In actual play, declarer overtook the King of Spades with the ace, hoping the queen would drop. It did not, and declarer lost the last three tricks, for a bottom (instead of an average).

I rate this play as very unlikely to succeed, because the defender with the queen of spades is very unlikely to bare it. So best play is to first cash the king of spades.

The normal play in clubs would be to lead to the queen, hoping that the AK is onside. If that fails and Lefty wins, then Lefty has to lead small and you can play your jack, hoping that Lefty started with the AK.

That puts you up to about 50%. However, because a defender had to save the queen of spades, the odds are actually significantly higher. If Righty had to save the queen of spades, then Righty has only two clubs. Righty might win the jack of clubs, but then Righty has to lead a spade. This pushes the percentage for success to about 75%.

The odds on ducking the first round of clubs from both hands are much better. First, it is a winkle and succeeds whenever the club honors are split. Second, if the AK of clubs are together, it succeeds if that hand also has the queen of spades -- your stepping stone squeeze has already worked. That puts you up to the same about 75% (actually, 74%) of playing the queen of clubs on the first club trick.

That leaves the possibility that one defender has the AK of clubs and the other has the Q of spades. If the defenders defend correctly, you will go set about 25% of the time. But best defense is extremely unlikely.
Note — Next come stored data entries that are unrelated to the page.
Theorem theorem3p7 (K : fieldType) (T V : lmodType K)
  (T_ : bool -> {pred T}) (V_ : bool -> {pred V}) (delta : K)
  (br : T -> T -> T -> T) (theta : T -> T -> V -> V) :
  is_dJLSTS T_ delta br ->
  is_rep T_ V_ delta br theta ->
  (forall (f : T -> V) (df : bool), homog_lin1 T_ V_ df f ->
     forall (i1 i2 i3 i4 i5 : bool) (x1 x2 x3 x4 x5 : T),
       x1 \in T_ i1 -> x2 \in T_ i2 -> x3 \in T_ i3 -> x4 \in T_ i4 -> x5 \in T_ i5 ->
       d3 delta br theta (d1 delta br theta f df) df i1 x1 i2 x2 i3 x3 i4 x4 i5 x5 = 0)
  /\
  (forall (f : T -> T -> V) (df : bool), cochain2 T_ V_ delta df f ->
     forall (iy i1 i2 i3 i4 i5 : bool) (y x1 x2 x3 x4 x5 : T),
       y \in T_ iy ->
       x1 \in T_ i1 -> x2 \in T_ i2 -> x3 \in T_ i3 -> x4 \in T_ i4 -> x5 \in T_ i5 ->
       d4 delta br theta (d2 delta br theta f df) df iy y i1 x1 i2 x2 i3 x3 i4 x4 i5 x5 = 0).
Proof.
move=> JT rep; split.
- by move=> f df [f_lin _] i1 i2 i3 i4 i5 x1 x2 x3 x4 x5; apply: (d3_d1_eq0 _ JT rep).
- move=> f df [f_lin _ _ _] iy i1 i2 i3 i4 i5 y x1 x2 x3 x4 x5 _.
  by rewrite d4_d2E; apply: (d3_d1_eq0 _ JT rep (f_lin y)).
Qed.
First, a defender with the Q of spades is liable to come down to Qxx of spades and a club for the last four cards. First, that defender has little reason to save two clubs; second, that declarer is likely to worry that declarer's situation is this:

K
--
--
Jxx

AJx
--
--
A

If a defender saves Qxx of spades, then you will know that 2 of the defender's last six cards are spades. In this situation, you can lead to the queen, play the jack on the next lead (if the queen loses), and be absolutely assured of getting either a club trick or a spade trick.
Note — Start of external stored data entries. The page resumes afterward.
(* For all integers $n_1,n_2\ge0$, \[ \zeta(-2n_1-1,0,-2n_2-1|1)=-\zeta(-2n_1-1,-2n_2-1|1). \]
   Context: Normalized multiple Bernoulli polynomials: for integers $k\ge0$, $\zeta(-k|z)=-\frac{B_{k+1}(z)}{k+1}$ ($B_n(z)$ the Bernoulli polynomials, $B_n=B_n(0)$), and for $r\ge2$, $k_j\ge0$, $\zeta(-k_1,\ldots,-k_r|z)=-\frac{1}{k_r+1}\zeta(-k_1,\ldots,-k_{r-2},-k_{r-1}-k_r-1|z)-\frac12\zeta(-k_1,\ldots,-k_{r-2},-k_{r-1}-k_r|z)+\sum_{q=1}^{k_r}(-k_r)_q\frac{B_{q+1}}{(q+1)!}\zeta(-k_1,\ldots,-k_{r-2},-k_{r-1}-k_r+q|z)$, with $(a)_q=a(a+1)\cdots(a+q-1)$. *)

From mathcomp Require Import all_boot all_order all_algebra.
Set Implicit Arguments. Unset Strict Implicit. Unset Printing Implicit Defensive.
Import Order.TTheory GRing.Theory Num.Theory.
Local Open Scope ring_scope.

Section MultiBernoulli.
Variable R : numFieldType.

(* bern_seq n = [:: B_0; ...; B_n], Bernoulli numbers with B_1 = -1/2,
   defined by B_0 = 1 and sum_{k=0}^{n} C(n+1,k) B_k = 0 for n >= 1. *)
Fixpoint bern_seq (n : nat) : seq R :=
  match n with
  | 0 => [:: 1]
  | n'.+1 => let s := bern_seq n' in
      rcons s (- (n'.+2%:R)^-1 * \sum_(k < n'.+1) 'C(n'.+2, k)%:R * s`_k)
  end.

Definition bernoulli (n : nat) : R := (bern_seq n)`_n.

Definition bernoulli_poly (n : nat) (z : R) : R :=
  \sum_(k < n.+1) 'C(n, k)%:R * bernoulli k * z ^+ (n - k).

Definition pochhammer (a : R) (q : nat) : R := \prod_(i < q) (a + i%:R).

(* mzeta_rev z rest k = zeta(-k_1,...,-k_{r-1},-k | z) where
   rest = [:: k_{r-1}; ...; k_1] (reversed prefix). *)
Fixpoint mzeta_rev (z : R) (rest : seq nat) (k : nat) : R :=
  match rest with
  | [::] => - bernoulli_poly k.+1 z / k.+1%:R
  | k' :: rest' =>
      - (k.+1%:R)^-1 * mzeta_rev z rest' (k' + k).+1
      - 2^-1 * mzeta_rev z rest' (k' + k)
      + \sum_(1 <= q < k.+1)
          pochhammer (- k%:R) q * bernoulli q.+1 / (q.+1)`!%:R
            * mzeta_rev z rest' (k' + k - q)
  end.

End MultiBernoulli.

(* mzeta [:: k_1; ...; k_r] z = zeta(-k_1, ..., -k_r | z)  (r >= 1);
   the empty list (r = 0) is given the junk value 0. *)
Definition mzeta (R : numFieldType) (ks : seq nat) (z : R) : R :=
  match rev ks with
  | [::] => 0
  | k :: rest => mzeta_rev z rest k
  end.

(* Write a = 2 n1 + 1, k = 2 n2 + 1 and f m = zeta(-a, -m | 1). The defining recursion is a
   binomial sum with weights (-1)^j B_j, so both sides are expressed through f, and since
   (-1)^j B_j = B_j + [j = 1] (the odd Bernoulli numbers beyond B_1 vanish) the identity
   reduces to  sum_j C(k+1, j) B_j f(k+1-j) = 0.  Unfolding f once more turns this sum into
   -1/N sum_(i, j <= N) C(N, j) C(N-j, i) B_j (-1)^i B_i zeta(-(a+N-j-i) | 1), N = k + 2,
   whose summand is antisymmetric in (i, j): for i + j odd the signs (-1)^i and (-1)^j
   cancel, and for i + j even a + N - j - i is even and positive, where
   zeta(-n | 1) = - B_(n+1) / (n+1) vanishes. *)

From mathcomp Require Import all_boot all_order all_algebra.
From mathcomp Require Import ring zify.
Set Implicit Arguments. Unset Strict Implicit. Unset Printing Implicit Defensive.
Import GRing.Theory Num.Theory.
Local Open Scope ring_scope.

Lemma mul_bin_sub m j k : (k <= j)%N -> (j <= m)%N ->
  ('C(m, j) * 'C(j, k) = 'C(m, k) * 'C(m - k, j - k))%N.
Proof.
move=> kj jm; have km : (k <= m)%N by apply: leq_trans jm.
have facts_gt0 : (0 < k`! * (j - k)`! * (m - j)`!)%N by rewrite !muln_gt0 !fact_gt0.
apply/eqP; rewrite -(eqn_pmul2r facts_gt0); apply/eqP.
have -> : (m - j = (m - k) - (j - k))%N by rewrite subnBA // subnK.
have jk : (j - k <= m - k)%N by apply: leq_sub2r.
transitivity m`!.
  rewrite -(bin_fact jm) -(bin_fact kj) subnBA // subnK //; ring.
by rewrite -(bin_fact km) -(bin_fact jk); ring.
Qed.

Lemma mul_bin_small N j i : (N < j + i)%N -> ('C(N, j) * 'C(N - j, i) = 0)%N.
Proof.
move=> lt_N; case: (leqP j N) => jN; last by rewrite bin_small.
by rewrite (@bin_small (N - j) i) ?muln0 //; lia.
Qed.

Lemma mul_binC N j i : ('C(N, j) * 'C(N - j, i) = 'C(N, i) * 'C(N - i, j))%N.
Proof.
case: (leqP (j + i) N) => ijN; last by rewrite !mul_bin_small // addnC.
have := mul_bin_sub (leq_addr i j) ijN; rewrite addKn => <-.
have := mul_bin_sub (leq_addl j i) ijN; rewrite addnK => <-.
by rewrite -(bin_sub (leq_addr i j)) addKn.
Qed.

Section BinomialSums.
Variable R : comPzRingType.

Lemma sum_ord_widen0 n m (F : nat -> R) : (n <= m)%N ->
  (forall i, (n < i)%N -> F i = 0) -> \sum_(i < n.+1) F i = \sum_(i < m.+1) F i.
Proof.
move=> nm F0; rewrite (big_ord_widen m.+1 F) // big_mkcond; apply: eq_bigr => i _.
by case: ifP => // /negbT; rewrite -leqNgt => /F0.
Qed.

Lemma sum_mul_eq1 m (F : nat -> R) : (1 < m)%N ->
  \sum_(j < m) F j * (j == 1%N :> nat)%:R = F 1%N.
Proof.
case: m => [|[|m]] // _; rewrite 2!big_ord_recl big1 /=.
  by rewrite mulr0 mulr1 add0r addr0.
by move=> i _; rewrite mulr0.
Qed.

Lemma sum_alt_mul_bin m k : (k <= m)%N ->
  \sum_(j < m.+1) ('C(m, j) * 'C(j, k))%:R * (-1) ^+ j = (-1) ^+ k * (m == k)%:R :> R.
Proof.
move=> km; rewrite -(big_mkord xpredT (fun j => ('C(m, j) * 'C(j, k))%:R * (-1) ^+ j))
  (big_cat_nat _ (n := k)) //=; last by rewrite ltnW.
rewrite big_nat big1 ?add0r; last first.
  by move=> i /andP [_ ik]; rewrite (bin_small ik) muln0 mul0r.
rewrite -{1}[k]add0n big_addn subSn // big_mkord.
have bin_shift (i : 'I_(m - k).+1) :
    ('C(m, i + k) * 'C(i + k, k) = 'C(m, k) * 'C(m - k, i))%N.
  by rewrite mul_bin_sub ?leq_addl ?addnK //; have := ltn_ord i; lia.
under eq_bigr => i _ do rewrite bin_shift natrM addnC exprD mulrACA.
rewrite -mulr_sumr.
have -> : \sum_(i < (m - k).+1) 'C(m - k, i)%:R * (-1) ^+ i = (1 - 1 : R) ^+ (m - k).
  by rewrite exprDn; apply: eq_bigr => i _; rewrite expr1n mul1r mulr_natl.
rewrite subrr expr0n subn_eq0; have [->|mk] := eqVneq m k.
  by rewrite leqnn binn mul1r mulrC.
by rewrite leqNgt ltn_neqAle eq_sym mk km /= !mulr0.
Qed.

Lemma binomial_inversion (x : nat -> R) m :
  \sum_(j < m.+1) 'C(m, j)%:R * (-1) ^+ j * (\sum_(k < j.+1) 'C(j, k)%:R * x k)
  = (-1) ^+ m * x m.
Proof.
have widen (j : 'I_m.+1) :
    \sum_(k < j.+1) 'C(j, k)%:R * x k = \sum_(k < m.+1) 'C(j, k)%:R * x k.
  apply: (sum_ord_widen0 (F := fun k => 'C(j, k)%:R * x k)) => [|k jk].
    exact: leq_ord.
  by rewrite bin_small ?mul0r.
have column (k : 'I_m.+1) :
    \sum_(j < m.+1) 'C(m, j)%:R * (-1) ^+ j * ('C(j, k)%:R * x k)
    = x k * ((-1) ^+ k * (m == k)%:R).
  rewrite -sum_alt_mul_bin ?leq_ord // mulr_sumr; apply: eq_bigr => j _.
  by rewrite natrM; ring.
under eq_bigr => j _ do rewrite widen mulr_sumr.
rewrite exchange_big /=; under eq_bigr => k _ do rewrite column.
rewrite big_ord_recr /= eqxx big1 ?add0r; first by rewrite mulr1 mulrC.
by move=> k _; rewrite eq_sym (ltn_eqF (ltn_ord k)) !mulr0.
Qed.

End BinomialSums.

Section Bernoulli.
Variable R : numFieldType.
Local Notation B := (@bernoulli R).

Lemma size_bern_seq n : size (bern_seq R n) = n.+1.
Proof. by elim: n => //= n IH; rewrite size_rcons IH. Qed.

Lemma nth_bern_seq n k : (k <= n)%N -> (bern_seq R n)`_k = B k.
Proof.
move=> kn; rewrite /bernoulli -(subnKC kn).
elim: (n - k)%N => [|d IH]; first by rewrite addn0.
by rewrite addnS /= nth_rcons size_bern_seq ltnS leq_addr IH.
Qed.

Lemma bernoulli0 : B 0 = 1. Proof. by []. Qed.

Lemma bernoulliS n :
  B n.+1 = - (n.+2%:R)^-1 * \sum_(k < n.+1) 'C(n.+2, k)%:R * B k.
Proof.
rewrite {1}/bernoulli /= nth_rcons size_bern_seq ltnn eqxx.
by congr (_ * _); apply: eq_bigr => i _; rewrite nth_bern_seq // -ltnS.
Qed.

Lemma bernoulli1 : B 1 = - 2^-1.
Proof. by rewrite bernoulliS big_ord1 bin0 mul1r bernoulli0 mulr1. Qed.

Lemma sum_bin_bernoulli m :
  \sum_(k < m.+1) 'C(m, k)%:R * B k = B m + (m == 1%N)%:R.
Proof.
case: m => [|[|n]].
- by rewrite big_ord1 bin0 mul1r addr0.
- by rewrite big_ord_recr big_ord1 /= bin0 binn !mul1r bernoulli0 addrC.
rewrite addr0 2!big_ord_recr /= binn binSn mul1r (bernoulliS n) mulrA mulrN.
by rewrite mulfV ?pnatr_eq0 // mulN1r addrN add0r.
Qed.

Lemma sum_alt_bin_bernoulli m :
  \sum_(j < m.+1) 'C(m, j)%:R * (-1) ^+ j * B j = (-1) ^+ m * B m + m%:R.
Proof.
have := binomial_inversion B m.
under eq_bigr => j _ do rewrite sum_bin_bernoulli mulrDr.
rewrite big_split /= => <-.
suff -> : \sum_(j < m.+1) 'C(m, j)%:R * (-1) ^+ j * (j == 1%N :> nat)%:R = - m%:R :> R.
  by rewrite subrK.
case: m => [|m]; first by rewrite big_ord1 mulr0 oppr0.
by rewrite (sum_mul_eq1 (fun j => 'C(m.+1, j)%:R * (-1) ^+ j)) // bin1 expr1 mulrN1.
Qed.

Lemma bernoulli_reflect n : (1 < n)%N -> (-1) ^+ n * B n = B n.
Proof.
elim/ltn_ind: n => n IH n_ge2.
pose E k := (-1) ^+ k * B k - B k.
have E_lt j : (j < n)%N -> E j = (j == 1%N :> nat)%:R.
  case: j => [|[|j]] jn; rewrite /E.
  - by rewrite expr0 mul1r subrr.
  - rewrite expr1 bernoulli1 mulN1r !opprK /= -mulr2n -(mulr_natr (2^-1 : R) 2).
    by rewrite mulVf // pnatr_eq0.
  - by rewrite IH ?subrr.
(* Comparing the alternating and the plain binomial sums of B at n+1 leaves (n+1) E n = 0. *)
have sumE : \sum_(j < n.+2) 'C(n.+1, j)%:R * E j = E n.+1 + n.+1%:R.
  under eq_bigr => j _ do rewrite mulrBr mulrA.
  rewrite sumrB sum_alt_bin_bernoulli sum_bin_bernoulli /= eqSS.
  by rewrite (gtn_eqF (ltnW n_ge2)) addr0 /E addrAC.
move: sumE; rewrite big_ord_recr /= binn mul1r addrC => /addrI.
rewrite big_ord_recr /= binSn.
rewrite (eq_bigr (fun i : 'I_n => 'C(n.+1, i)%:R * (i == 1%N :> nat)%:R)); last first.
  by move=> i _; rewrite E_lt.
rewrite (sum_mul_eq1 (fun i => 'C(n.+1, i)%:R)) // bin1.
rewrite -[X in _ + _ = X -> _]addr0 => /addrI/eqP.
by rewrite mulf_eq0 pnatr_eq0 /= /E subr_eq0 => /eqP.
Qed.

Lemma signr_bernoulli j : (-1) ^+ j * B j = B j + (j == 1%N :> nat)%:R.
Proof.
case: j => [|[|j]].
- by rewrite expr0 mul1r addr0.
- by rewrite expr1 mulN1r bernoulli1 opprK /=; field.
- by rewrite bernoulli_reflect // addr0.
Qed.

Lemma bernoulli_odd n : odd n -> (1 < n)%N -> B n = 0.
Proof.
move=> n_odd n_gt1; have := bernoulli_reflect n_gt1.
rewrite -signr_odd n_odd expr1 mulN1r => /eqP.
by rewrite eq_sym -addr_eq0 -mulr2n mulrn_eq0 /= => /eqP.
Qed.

End Bernoulli.

Section MultipleBernoulli.
Variable R : numFieldType.
Local Notation B := (@bernoulli R).
Local Notation zeta1 := (@mzeta_rev R 1 [::]).

Lemma pochhammer_opp_nat k q : pochhammer (- k%:R : R) q = (-1) ^+ q * (k ^_ q)%:R.
Proof.
elim: q => [|q IH]; first by rewrite /pochhammer big_ord0 mul1r.
rewrite /pochhammer big_ord_recr /= -/(pochhammer _ _) IH ffactnSr.
case: (leqP q k) => qk; first by rewrite natrM natrB // exprS; ring.
by rewrite ffact_small // !mulr0 mul0r.
Qed.

(* Since (-k)_q / (q+1)! = - (-1)^(q+1) C(k+1, q+1) / (k+1), the three terms of the
   recursion are the j = 0, j = 1 and j >= 2 parts of a single binomial sum. *)
Lemma mzeta_rev_cons (z : R) k' rest k :
  mzeta_rev z (k' :: rest) k = - (k.+1%:R)^-1 *
    \sum_(j < k.+2) 'C(k.+1, j)%:R * (-1) ^+ j * B j * mzeta_rev z rest ((k' + k).+1 - j).
Proof.
set g := mzeta_rev z rest.
rewrite /= -/g 2!big_ord_recl /= big_add1 /= big_mkord.
have -> : \sum_(i < k) pochhammer (- k%:R) i.+1 * B i.+2 / (i.+2)`!%:R * g (k' + k - i.+1)%N
   = - k.+1%:R^-1 * \sum_(i < k) 'C(k.+1, i.+2)%:R * (-1) ^+ i.+2 * B i.+2
       * g ((k' + k).+1 - i.+2)%N.
  rewrite mulr_sumr; apply: eq_bigr => i _; rewrite pochhammer_opp_nat subSS.
  have fact_neq0 : (i.+2)`!%:R != 0 :> R by rewrite pnatr_eq0 -lt0n fact_gt0.
  have -> : 'C(k.+1, i.+2)%:R = (k.+1 * k ^_ i.+1)%:R / (i.+2)`!%:R :> R.
    by rewrite -ffactSS -bin_ffact natrM mulfK.
  rewrite natrM !exprS; field.
  by rewrite fact_neq0 /= addrC natr1 pnatr_eq0.
rewrite /bump /= bin0 bin1 expr0 expr1 subn0 subn1 /= bernoulli0 bernoulli1; field.
by rewrite addrC natr1 pnatr_eq0.
Qed.

Lemma mzeta1_even n : ~~ odd n -> (0 < n)%N -> zeta1 n = 0.
Proof.
move=> n_even n_gt0; rewrite /= /bernoulli_poly.
under eq_bigr => i _ do rewrite expr1n mulr1.
rewrite sum_bin_bernoulli bernoulli_odd //= eqSS (gtn_eqF n_gt0).
by rewrite add0r oppr0 mul0r.
Qed.

Lemma sum_antisym_eq0 n (F : nat -> nat -> R) :
  (forall i j, F i j + F j i = 0) -> \sum_(i < n) \sum_(j < n) F i j = 0.
Proof.
move=> F_antisym; set S := (X in X = 0).
have : S + S = 0.
  rewrite {2}/S exchange_big /= /S -big_split /=.
  apply: big1 => i _; rewrite -big_split; apply: big1 => j _; exact: F_antisym.
by move/eqP; rewrite -mulr2n mulrn_eq0 /= => /eqP.
Qed.

Definition bernoulli_zeta_term a N j i : R :=
  ('C(N, j) * 'C(N - j, i))%:R * (B j * ((-1) ^+ i * B i)) * zeta1 (a + (N - j - i)).

Lemma bernoulli_zeta_term_antisym a N j i : odd a -> odd N ->
  bernoulli_zeta_term a N j i + bernoulli_zeta_term a N i j = 0.
Proof.
move=> a_odd N_odd.
have -> : bernoulli_zeta_term a N j i + bernoulli_zeta_term a N i j =
    ('C(N, j) * 'C(N - j, i))%:R * (B i * B j) * ((-1) ^+ i + (-1) ^+ j)
    * zeta1 (a + (N - j - i)).
  by rewrite /bernoulli_zeta_term mul_binC subnAC; ring.
have [ijN|Nij] := leqP (j + i) N; last by rewrite mul_bin_small // !mul0r.
have [ij_odd|ij_even] := boolP (odd (i + j)).
  rewrite -(signr_odd _ i) -(signr_odd _ j); move: ij_odd; rewrite oddD.
  by case: (odd i); case: (odd j) => //= _; rewrite ?addrN ?addNr mulr0 mul0r.
rewrite mzeta1_even ?mulr0 ?(ltn_addr _ (odd_gt0 a_odd)) //.
by rewrite oddD -subnDA oddB // a_odd N_odd addnC negbK.
Qed.

Lemma bin_bernoulli_mzeta2 a k j : (j <= k.+1)%N ->
  'C(k.+1, j)%:R * B j * mzeta_rev 1 [:: a] (k.+1 - j)
  = - (k.+2%:R)^-1 * \sum_(i < k.+3) bernoulli_zeta_term a k.+2 j i.
Proof.
move=> jk; set N := k.+2.
rewrite mzeta_rev_cons; have -> : (k.+1 - j).+1 = (N - j)%N by rewrite /N (subSn jk).
rewrite (@sum_ord_widen0 _ (N - j) N (fun i => 'C(N - j, i)%:R * (-1) ^+ i * B i *
  zeta1 ((a + (k.+1 - j)).+1 - i))); first last.
- by move=> i ji; rewrite bin_small // !mul0r.
- exact: leq_subr.
rewrite mulrA mulr_sumr mulr_sumr; apply: eq_bigr => i _.
have [iNj|Nji] := leqP i (N - j); last first.
  by rewrite /bernoulli_zeta_term (bin_small Nji) muln0 !mul0r !mulr0.
have -> : ((a + (k.+1 - j)).+1 - i = a + (N - j - i))%N by move: iNj; rewrite /N; lia.
have Nj_neq0 : (N - j)%:R != 0 :> R by rewrite pnatr_eq0 -lt0n subn_gt0.
have -> : 'C(k.+1, j)%:R = ((N - j) * 'C(N, j))%:R / N%:R :> R.
  by rewrite -mul_bin_down natrM mulrAC mulfV ?mul1r // pnatr_eq0.
rewrite /bernoulli_zeta_term !natrM; field.
by rewrite Nj_neq0 pnatr_eq0.
Qed.

Lemma sum_bin_bernoulli_mzeta2 a k : odd a -> odd k ->
  \sum_(j < k.+2) 'C(k.+1, j)%:R * B j * mzeta_rev 1 [:: a] (k.+1 - j) = 0.
Proof.
move=> a_odd k_odd; set F := bernoulli_zeta_term a k.+2.
under eq_bigr => j _ do rewrite (bin_bernoulli_mzeta2 _ (ltnSE (ltn_ord j))).
rewrite -mulr_sumr.
have -> : \sum_(j < k.+2) \sum_(i < k.+3) F j i = \sum_(j < k.+3) \sum_(i < k.+3) F j i.
  rewrite [RHS]big_ord_recr /= [X in _ = _ + X]big1 ?addr0 // => i _.
  rewrite /F /bernoulli_zeta_term (@bernoulli_odd R k.+2) ?mul0r ?mulr0 ?mul0r //.
  by rewrite /= negbK.
rewrite sum_antisym_eq0 ?mulr0 //.
by move=> j i; apply: bernoulli_zeta_term_antisym => //=; rewrite negbK.
Qed.

End MultipleBernoulli.

Unset Implicit Arguments.

Theorem proposition3p5 (R : numFieldType) (n1 n2 : nat) :
  mzeta [:: (2 * n1).+1; 0%N; (2 * n2).+1]%N (1 : R)
  = - mzeta [:: (2 * n1).+1; (2 * n2).+1]%N (1 : R).
Proof.
set a := (2 * n1).+1; set k := (2 * n2).+1.
have a_odd : odd a by rewrite /= oddM.
have k_odd : odd k by rewrite /= oddM.
change (mzeta_rev (1 : R) [:: 0%N; a] k = - mzeta_rev (1 : R) [:: a] k).
rewrite mzeta_rev_cons add0n.
have := sum_bin_bernoulli_mzeta2 R a_odd k_odd.
move: (mzeta_rev 1 [:: a]) => f f_sum.
under eq_bigr => j _ do rewrite -(mulrA _ ((-1) ^+ j)) signr_bernoulli mulrDr mulrDl.
rewrite big_split /= f_sum add0r.
rewrite 2!big_ord_recl big1 => [|i _]; last by rewrite mulr0 mul0r.
rewrite /= bin1 subSS subn0 !mulr0 !mul0r add0r addr0 mulr1.
by rewrite mulrA mulNr mulVf ?mulN1r // pnatr_eq0.
Qed.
I rate this as pushing the chance of success to almost 100%. (The same misdefence can occur for the first line of play. However, a defender is very unlikely to bare the club honor and save Qxx of clubs.)

But what if the defender with the Q of spades does come down to Qx (and hence there is only one spade out for the last three tricks)? The defense can still mis-step. If Righty has AKx of clubs as the last three cards, it is going to be difficult for Lefty to duck a club. For all Lefty knows, you will play your queen of clubs, it will win, then you will cash your ace of spades and he will get the bottom board instead of you.

Reprise

When I analyzed the "two-suited winner squeeze", I was astounded at the extremely high percentage of success. When I analyzed the two-loser winkle situation (above), I again was astounded at the extremely high percentage of success.

I am apparently not alone in this. I gave both problems to a good player, and he did not run a squeeze in the first situation or try the winkle in the second situation.

In retrospect, the two situations have the same reason for (1) seeming to have a low probability of success yet in fact (2) having a high probability of success. In both, the chance of success before the squeeze is low. In both, the chance for success becomes very high because the squeeze (usually) forces out a needed losing card. It is just very difficult to appreciate, without analysis, the problems created for the defense by the loss of this losing card.